WORK INSTRUCTIONS: Among the entries below, find the line with "replace (s *", then quote it and each following line up to and including the line with "rewrite S_INR in", and nothing else.

** Opening RECORDS PROVIDED block **

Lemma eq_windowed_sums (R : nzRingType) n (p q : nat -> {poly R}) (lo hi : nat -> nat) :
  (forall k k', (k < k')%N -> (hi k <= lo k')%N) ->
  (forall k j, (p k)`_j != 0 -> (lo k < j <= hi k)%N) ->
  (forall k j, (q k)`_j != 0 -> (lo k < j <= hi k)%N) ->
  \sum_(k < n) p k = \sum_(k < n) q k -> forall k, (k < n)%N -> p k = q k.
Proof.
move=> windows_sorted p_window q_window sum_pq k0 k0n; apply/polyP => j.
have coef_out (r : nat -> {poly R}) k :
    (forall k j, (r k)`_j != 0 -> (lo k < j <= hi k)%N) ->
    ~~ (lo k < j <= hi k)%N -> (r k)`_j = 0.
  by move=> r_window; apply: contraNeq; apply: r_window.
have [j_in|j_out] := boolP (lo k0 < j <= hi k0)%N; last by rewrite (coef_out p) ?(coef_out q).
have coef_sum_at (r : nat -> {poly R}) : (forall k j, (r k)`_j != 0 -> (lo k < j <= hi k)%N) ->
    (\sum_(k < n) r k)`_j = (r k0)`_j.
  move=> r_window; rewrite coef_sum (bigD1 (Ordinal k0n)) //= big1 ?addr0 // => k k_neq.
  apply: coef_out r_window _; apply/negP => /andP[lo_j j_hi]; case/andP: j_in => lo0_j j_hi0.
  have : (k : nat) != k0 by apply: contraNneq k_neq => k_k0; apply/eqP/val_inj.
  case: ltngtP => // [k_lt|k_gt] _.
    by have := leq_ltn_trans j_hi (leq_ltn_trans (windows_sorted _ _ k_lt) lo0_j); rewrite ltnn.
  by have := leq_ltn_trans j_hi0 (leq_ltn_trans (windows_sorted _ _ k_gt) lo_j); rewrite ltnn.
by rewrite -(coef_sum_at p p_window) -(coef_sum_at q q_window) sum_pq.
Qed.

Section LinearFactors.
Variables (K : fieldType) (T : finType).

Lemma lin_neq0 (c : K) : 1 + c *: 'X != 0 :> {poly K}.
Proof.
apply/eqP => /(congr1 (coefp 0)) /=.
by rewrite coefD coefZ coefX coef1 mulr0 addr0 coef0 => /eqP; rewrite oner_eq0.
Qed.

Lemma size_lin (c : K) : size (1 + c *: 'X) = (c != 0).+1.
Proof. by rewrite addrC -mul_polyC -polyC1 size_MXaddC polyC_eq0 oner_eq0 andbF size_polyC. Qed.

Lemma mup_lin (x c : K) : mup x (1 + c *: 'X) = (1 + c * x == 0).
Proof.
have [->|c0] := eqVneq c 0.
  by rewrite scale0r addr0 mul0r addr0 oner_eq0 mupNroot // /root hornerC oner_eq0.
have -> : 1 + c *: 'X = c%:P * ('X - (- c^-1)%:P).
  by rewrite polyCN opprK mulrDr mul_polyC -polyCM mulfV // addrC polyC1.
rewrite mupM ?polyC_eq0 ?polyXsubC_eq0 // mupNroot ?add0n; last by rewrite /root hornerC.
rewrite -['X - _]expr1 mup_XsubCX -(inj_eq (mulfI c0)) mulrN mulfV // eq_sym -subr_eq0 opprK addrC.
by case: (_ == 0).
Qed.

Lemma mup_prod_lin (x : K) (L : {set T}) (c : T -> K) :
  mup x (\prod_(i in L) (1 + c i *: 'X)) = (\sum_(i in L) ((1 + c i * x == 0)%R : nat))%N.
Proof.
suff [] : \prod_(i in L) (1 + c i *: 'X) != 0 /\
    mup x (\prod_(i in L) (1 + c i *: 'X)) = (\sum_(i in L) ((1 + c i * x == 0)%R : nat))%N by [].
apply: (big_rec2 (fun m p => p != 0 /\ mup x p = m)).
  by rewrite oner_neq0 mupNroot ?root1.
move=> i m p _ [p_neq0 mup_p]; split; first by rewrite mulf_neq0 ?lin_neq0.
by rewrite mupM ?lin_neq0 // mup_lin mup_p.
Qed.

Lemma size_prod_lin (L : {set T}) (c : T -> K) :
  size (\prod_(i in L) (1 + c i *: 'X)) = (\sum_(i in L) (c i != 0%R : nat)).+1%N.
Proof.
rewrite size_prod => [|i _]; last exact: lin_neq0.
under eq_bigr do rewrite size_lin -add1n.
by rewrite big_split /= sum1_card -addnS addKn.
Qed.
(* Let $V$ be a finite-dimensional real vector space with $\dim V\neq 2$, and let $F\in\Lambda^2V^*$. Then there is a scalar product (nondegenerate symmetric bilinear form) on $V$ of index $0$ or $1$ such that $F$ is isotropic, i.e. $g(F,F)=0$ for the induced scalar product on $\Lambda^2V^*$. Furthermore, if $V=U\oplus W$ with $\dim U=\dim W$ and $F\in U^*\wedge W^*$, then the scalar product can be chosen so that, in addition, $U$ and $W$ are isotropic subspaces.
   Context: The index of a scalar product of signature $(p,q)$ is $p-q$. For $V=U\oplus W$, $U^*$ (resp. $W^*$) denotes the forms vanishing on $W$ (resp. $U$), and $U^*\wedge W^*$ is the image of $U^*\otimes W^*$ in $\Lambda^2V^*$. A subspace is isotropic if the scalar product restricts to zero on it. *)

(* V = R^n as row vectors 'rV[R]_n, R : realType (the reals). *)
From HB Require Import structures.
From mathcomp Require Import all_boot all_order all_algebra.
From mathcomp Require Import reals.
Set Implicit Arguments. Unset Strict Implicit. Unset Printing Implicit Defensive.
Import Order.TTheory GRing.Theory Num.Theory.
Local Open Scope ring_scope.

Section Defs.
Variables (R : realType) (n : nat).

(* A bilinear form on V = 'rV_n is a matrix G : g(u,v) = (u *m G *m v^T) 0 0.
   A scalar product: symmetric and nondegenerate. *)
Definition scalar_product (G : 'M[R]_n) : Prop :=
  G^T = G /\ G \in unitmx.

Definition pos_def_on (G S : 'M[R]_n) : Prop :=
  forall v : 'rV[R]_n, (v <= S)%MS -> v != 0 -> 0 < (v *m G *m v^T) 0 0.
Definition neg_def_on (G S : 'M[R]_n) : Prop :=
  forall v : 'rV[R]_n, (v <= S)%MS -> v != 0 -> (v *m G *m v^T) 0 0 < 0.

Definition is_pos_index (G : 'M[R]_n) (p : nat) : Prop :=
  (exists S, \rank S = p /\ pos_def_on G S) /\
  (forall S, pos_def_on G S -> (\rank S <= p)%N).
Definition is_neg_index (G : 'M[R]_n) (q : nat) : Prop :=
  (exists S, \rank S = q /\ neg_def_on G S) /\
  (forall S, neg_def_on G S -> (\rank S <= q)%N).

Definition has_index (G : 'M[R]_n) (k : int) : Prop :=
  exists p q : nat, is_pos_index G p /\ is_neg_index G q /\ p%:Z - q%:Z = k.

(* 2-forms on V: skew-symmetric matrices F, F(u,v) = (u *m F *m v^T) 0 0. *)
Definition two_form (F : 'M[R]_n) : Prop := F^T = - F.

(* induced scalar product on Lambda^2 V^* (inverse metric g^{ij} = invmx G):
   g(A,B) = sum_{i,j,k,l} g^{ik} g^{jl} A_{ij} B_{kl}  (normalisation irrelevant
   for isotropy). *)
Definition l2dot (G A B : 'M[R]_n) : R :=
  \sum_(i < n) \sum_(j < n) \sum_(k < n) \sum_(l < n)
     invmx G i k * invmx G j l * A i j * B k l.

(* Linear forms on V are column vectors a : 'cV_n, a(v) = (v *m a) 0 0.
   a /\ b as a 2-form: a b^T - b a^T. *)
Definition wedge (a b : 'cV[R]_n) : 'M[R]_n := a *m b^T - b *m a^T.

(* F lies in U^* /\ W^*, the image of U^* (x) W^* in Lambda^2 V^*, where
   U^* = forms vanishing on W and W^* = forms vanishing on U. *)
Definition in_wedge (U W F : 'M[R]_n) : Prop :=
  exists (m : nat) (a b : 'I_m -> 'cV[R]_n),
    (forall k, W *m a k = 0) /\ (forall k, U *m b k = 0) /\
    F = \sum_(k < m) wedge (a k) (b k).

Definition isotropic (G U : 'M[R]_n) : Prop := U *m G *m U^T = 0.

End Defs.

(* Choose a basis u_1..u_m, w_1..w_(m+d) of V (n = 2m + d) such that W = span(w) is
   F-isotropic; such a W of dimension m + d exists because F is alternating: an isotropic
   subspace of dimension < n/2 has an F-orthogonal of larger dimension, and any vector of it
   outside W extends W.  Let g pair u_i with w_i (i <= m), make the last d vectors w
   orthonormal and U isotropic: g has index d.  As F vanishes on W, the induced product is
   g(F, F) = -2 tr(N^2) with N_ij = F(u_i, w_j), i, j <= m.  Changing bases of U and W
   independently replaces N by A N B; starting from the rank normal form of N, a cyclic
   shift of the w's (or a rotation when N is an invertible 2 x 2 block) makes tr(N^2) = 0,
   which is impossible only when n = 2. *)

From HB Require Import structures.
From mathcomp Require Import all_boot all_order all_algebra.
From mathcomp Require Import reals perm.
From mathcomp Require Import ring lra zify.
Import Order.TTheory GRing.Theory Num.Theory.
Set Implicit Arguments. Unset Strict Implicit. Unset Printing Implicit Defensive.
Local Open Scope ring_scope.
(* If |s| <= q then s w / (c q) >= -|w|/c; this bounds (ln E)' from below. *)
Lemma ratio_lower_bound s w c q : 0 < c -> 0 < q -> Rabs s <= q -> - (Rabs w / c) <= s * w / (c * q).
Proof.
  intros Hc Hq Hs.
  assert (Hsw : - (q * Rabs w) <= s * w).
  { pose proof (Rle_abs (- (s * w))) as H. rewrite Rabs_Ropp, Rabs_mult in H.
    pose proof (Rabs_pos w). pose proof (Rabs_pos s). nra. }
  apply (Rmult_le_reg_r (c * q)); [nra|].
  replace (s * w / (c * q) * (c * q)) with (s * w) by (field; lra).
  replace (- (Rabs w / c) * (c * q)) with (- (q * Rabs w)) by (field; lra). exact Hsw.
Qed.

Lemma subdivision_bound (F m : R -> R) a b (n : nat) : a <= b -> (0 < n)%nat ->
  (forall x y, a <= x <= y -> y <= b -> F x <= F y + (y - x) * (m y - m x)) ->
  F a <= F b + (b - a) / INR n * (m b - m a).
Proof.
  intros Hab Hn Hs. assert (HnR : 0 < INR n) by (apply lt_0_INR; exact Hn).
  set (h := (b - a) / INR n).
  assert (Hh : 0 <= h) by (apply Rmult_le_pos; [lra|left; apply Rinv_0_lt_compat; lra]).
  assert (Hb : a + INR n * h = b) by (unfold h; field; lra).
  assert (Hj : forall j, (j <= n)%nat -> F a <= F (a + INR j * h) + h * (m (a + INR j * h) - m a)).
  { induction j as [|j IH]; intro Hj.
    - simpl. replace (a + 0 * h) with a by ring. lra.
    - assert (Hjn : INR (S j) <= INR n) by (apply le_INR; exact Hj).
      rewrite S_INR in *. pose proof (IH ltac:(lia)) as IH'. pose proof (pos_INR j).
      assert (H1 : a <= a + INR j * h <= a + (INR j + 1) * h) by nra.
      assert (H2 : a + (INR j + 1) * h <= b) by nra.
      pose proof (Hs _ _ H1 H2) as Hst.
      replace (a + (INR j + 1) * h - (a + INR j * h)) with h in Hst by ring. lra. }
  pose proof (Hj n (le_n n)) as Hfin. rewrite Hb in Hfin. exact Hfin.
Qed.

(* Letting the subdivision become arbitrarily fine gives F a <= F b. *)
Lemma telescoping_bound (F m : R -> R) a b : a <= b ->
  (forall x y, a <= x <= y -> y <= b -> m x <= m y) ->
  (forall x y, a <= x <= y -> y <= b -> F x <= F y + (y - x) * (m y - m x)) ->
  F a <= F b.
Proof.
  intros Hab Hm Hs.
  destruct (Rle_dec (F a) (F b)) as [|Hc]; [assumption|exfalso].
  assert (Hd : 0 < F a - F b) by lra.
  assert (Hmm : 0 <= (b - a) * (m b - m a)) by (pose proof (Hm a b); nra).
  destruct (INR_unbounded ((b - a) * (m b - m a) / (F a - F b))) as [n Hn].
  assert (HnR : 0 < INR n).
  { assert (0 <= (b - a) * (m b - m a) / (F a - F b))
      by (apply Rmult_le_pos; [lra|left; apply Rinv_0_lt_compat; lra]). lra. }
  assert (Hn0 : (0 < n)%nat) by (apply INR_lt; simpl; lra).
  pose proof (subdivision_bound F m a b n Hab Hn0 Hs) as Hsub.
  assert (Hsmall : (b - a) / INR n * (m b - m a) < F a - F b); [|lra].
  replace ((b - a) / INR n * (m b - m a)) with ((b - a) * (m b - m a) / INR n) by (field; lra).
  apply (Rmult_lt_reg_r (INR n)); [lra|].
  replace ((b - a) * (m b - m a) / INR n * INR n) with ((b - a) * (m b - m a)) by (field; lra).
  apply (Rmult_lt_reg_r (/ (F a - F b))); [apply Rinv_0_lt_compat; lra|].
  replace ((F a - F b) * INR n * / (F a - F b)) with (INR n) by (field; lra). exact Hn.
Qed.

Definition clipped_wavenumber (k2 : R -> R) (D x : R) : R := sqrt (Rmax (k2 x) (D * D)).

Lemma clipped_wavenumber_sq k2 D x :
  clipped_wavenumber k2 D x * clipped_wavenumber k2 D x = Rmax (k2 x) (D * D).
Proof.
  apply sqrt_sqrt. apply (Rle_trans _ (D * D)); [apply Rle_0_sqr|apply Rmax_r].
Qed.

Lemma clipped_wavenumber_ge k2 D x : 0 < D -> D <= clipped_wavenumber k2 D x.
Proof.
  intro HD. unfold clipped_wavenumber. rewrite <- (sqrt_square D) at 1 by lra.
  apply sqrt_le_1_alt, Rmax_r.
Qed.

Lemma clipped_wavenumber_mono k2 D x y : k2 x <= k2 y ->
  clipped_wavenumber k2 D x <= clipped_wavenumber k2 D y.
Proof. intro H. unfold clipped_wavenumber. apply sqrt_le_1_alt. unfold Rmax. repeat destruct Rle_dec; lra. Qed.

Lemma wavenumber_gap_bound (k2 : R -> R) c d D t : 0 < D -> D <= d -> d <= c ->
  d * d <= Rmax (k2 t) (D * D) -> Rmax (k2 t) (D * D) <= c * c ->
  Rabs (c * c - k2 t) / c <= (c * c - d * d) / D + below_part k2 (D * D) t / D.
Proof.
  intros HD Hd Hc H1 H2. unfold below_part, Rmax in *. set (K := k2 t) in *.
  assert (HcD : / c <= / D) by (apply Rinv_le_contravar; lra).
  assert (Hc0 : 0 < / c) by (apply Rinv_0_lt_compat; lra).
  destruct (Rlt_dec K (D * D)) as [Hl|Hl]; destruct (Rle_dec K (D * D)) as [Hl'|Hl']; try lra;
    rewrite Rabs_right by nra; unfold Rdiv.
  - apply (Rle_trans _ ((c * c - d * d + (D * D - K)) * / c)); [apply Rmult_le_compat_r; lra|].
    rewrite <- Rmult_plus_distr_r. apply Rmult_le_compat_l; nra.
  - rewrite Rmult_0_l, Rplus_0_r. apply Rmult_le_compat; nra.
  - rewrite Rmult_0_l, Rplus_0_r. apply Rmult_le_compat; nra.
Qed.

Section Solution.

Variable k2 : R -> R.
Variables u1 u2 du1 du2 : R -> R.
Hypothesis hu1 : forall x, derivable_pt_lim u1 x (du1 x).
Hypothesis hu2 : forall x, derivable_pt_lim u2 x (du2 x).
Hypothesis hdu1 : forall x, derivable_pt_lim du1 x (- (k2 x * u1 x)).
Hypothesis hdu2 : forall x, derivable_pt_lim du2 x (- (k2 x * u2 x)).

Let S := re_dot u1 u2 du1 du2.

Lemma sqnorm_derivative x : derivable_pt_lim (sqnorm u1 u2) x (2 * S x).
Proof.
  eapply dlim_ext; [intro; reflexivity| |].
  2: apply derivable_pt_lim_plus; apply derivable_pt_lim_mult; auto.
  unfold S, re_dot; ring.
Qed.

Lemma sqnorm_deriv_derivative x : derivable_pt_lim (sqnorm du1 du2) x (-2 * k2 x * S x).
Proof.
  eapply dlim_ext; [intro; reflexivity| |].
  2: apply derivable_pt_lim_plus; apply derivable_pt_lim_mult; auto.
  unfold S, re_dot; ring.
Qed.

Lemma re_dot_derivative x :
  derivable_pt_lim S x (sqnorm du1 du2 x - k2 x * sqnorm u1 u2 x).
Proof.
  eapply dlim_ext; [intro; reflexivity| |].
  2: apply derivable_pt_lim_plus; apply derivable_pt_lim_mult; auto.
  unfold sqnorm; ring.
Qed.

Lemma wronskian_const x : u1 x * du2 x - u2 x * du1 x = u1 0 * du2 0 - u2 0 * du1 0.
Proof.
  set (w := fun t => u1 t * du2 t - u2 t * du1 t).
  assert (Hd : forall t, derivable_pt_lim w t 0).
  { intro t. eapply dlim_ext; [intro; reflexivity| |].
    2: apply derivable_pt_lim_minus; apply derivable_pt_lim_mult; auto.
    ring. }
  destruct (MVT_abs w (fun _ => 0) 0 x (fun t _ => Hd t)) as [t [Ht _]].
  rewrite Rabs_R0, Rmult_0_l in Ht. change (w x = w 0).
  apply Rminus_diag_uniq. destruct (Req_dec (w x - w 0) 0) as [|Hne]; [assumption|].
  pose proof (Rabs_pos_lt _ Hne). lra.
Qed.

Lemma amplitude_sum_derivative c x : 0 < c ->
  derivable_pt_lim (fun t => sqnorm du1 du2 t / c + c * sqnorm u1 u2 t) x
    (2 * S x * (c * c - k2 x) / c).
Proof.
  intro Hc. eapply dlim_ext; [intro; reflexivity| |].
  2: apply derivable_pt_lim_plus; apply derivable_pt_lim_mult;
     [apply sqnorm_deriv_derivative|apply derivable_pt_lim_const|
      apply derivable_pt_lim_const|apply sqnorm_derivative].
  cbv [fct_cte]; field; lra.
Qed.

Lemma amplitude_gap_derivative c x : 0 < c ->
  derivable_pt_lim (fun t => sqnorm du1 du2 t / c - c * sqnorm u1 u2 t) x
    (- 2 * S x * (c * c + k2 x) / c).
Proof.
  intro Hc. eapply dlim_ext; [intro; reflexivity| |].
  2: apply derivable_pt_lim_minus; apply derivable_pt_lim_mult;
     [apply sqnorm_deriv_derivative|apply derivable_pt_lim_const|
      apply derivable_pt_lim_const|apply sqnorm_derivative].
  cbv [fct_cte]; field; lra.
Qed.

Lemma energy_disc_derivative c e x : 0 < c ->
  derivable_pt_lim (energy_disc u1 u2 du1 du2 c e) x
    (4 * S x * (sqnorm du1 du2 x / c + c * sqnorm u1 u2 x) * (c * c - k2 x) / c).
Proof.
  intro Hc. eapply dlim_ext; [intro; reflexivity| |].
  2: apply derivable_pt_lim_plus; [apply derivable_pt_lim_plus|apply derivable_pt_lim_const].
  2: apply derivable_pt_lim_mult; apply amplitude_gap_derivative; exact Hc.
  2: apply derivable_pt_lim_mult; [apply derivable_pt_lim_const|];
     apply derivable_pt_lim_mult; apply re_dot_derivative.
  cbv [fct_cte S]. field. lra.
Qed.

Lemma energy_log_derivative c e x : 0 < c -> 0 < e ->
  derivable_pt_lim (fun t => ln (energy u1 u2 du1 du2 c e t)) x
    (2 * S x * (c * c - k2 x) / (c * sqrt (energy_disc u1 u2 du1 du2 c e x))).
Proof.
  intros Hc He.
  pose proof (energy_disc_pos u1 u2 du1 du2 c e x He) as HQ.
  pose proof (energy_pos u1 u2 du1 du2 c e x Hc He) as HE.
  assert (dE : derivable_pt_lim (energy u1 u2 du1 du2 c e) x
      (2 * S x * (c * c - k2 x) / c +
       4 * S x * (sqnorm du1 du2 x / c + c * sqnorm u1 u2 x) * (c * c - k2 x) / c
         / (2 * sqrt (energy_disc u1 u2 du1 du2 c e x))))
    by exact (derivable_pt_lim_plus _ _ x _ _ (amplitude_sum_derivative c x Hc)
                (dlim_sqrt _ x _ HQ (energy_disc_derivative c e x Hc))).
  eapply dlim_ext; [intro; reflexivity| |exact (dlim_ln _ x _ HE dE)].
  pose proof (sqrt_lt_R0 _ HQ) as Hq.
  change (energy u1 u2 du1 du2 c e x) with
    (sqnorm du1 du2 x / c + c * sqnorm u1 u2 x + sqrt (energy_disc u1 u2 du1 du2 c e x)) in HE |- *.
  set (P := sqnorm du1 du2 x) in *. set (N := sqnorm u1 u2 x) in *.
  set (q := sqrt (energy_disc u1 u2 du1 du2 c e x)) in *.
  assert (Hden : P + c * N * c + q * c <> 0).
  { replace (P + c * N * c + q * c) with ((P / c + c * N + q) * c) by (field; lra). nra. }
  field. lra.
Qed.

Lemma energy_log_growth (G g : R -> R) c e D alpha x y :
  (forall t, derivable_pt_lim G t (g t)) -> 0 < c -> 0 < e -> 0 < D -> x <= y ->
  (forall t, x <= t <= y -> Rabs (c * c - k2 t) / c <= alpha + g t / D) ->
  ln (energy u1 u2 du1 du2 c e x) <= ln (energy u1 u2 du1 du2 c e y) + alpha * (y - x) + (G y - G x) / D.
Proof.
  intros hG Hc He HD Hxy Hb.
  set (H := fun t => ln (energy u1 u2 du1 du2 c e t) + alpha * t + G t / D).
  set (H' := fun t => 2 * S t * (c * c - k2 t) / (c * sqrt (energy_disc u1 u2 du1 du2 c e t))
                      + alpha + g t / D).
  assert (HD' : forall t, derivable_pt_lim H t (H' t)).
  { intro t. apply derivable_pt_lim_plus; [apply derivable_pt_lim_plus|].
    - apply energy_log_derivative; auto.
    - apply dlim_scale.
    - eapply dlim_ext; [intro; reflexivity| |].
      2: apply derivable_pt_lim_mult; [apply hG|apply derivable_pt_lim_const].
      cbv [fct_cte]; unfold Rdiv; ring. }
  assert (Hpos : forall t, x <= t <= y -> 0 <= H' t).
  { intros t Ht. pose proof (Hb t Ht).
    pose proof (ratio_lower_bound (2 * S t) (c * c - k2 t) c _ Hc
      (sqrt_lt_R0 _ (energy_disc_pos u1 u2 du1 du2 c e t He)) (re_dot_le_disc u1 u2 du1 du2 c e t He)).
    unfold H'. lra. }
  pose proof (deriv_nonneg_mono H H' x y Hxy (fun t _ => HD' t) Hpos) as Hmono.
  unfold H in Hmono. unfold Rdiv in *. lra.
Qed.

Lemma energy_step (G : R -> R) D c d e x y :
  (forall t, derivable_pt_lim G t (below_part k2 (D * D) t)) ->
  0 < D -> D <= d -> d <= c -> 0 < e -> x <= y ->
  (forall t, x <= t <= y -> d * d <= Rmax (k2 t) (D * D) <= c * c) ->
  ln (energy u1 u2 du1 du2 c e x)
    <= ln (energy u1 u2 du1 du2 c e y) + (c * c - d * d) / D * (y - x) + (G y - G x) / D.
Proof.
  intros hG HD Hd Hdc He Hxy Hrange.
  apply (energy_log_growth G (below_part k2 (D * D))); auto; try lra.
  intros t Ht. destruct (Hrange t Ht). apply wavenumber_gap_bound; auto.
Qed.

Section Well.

** Closing RECORDS PROVIDED block **

SOLUTION FOR THIS EXERCISE:
  replace (s * w / (c * q) * (c * q)) with (s * w) by (field; lra).
  replace (- (Rabs w / c) * (c * q)) with (- (q * Rabs w)) by (field; lra). exact Hsw.
Qed.

Lemma subdivision_bound (F m : R -> R) a b (n : nat) : a <= b -> (0 < n)%nat ->
  (forall x y, a <= x <= y -> y <= b -> F x <= F y + (y - x) * (m y - m x)) ->
  F a <= F b + (b - a) / INR n * (m b - m a).
Proof.
  intros Hab Hn Hs. assert (HnR : 0 < INR n) by (apply lt_0_INR; exact Hn).
  set (h := (b - a) / INR n).
  assert (Hh : 0 <= h) by (apply Rmult_le_pos; [lra|left; apply Rinv_0_lt_compat; lra]).
  assert (Hb : a + INR n * h = b) by (unfold h; field; lra).
  assert (Hj : forall j, (j <= n)%nat -> F a <= F (a + INR j * h) + h * (m (a + INR j * h) - m a)).
  { induction j as [|j IH]; intro Hj.
    - simpl. replace (a + 0 * h) with a by ring. lra.
    - assert (Hjn : INR (S j) <= INR n) by (apply le_INR; exact Hj).
      rewrite S_INR in *. pose proof (IH ltac:(lia)) as IH'. pose proof (pos_INR j).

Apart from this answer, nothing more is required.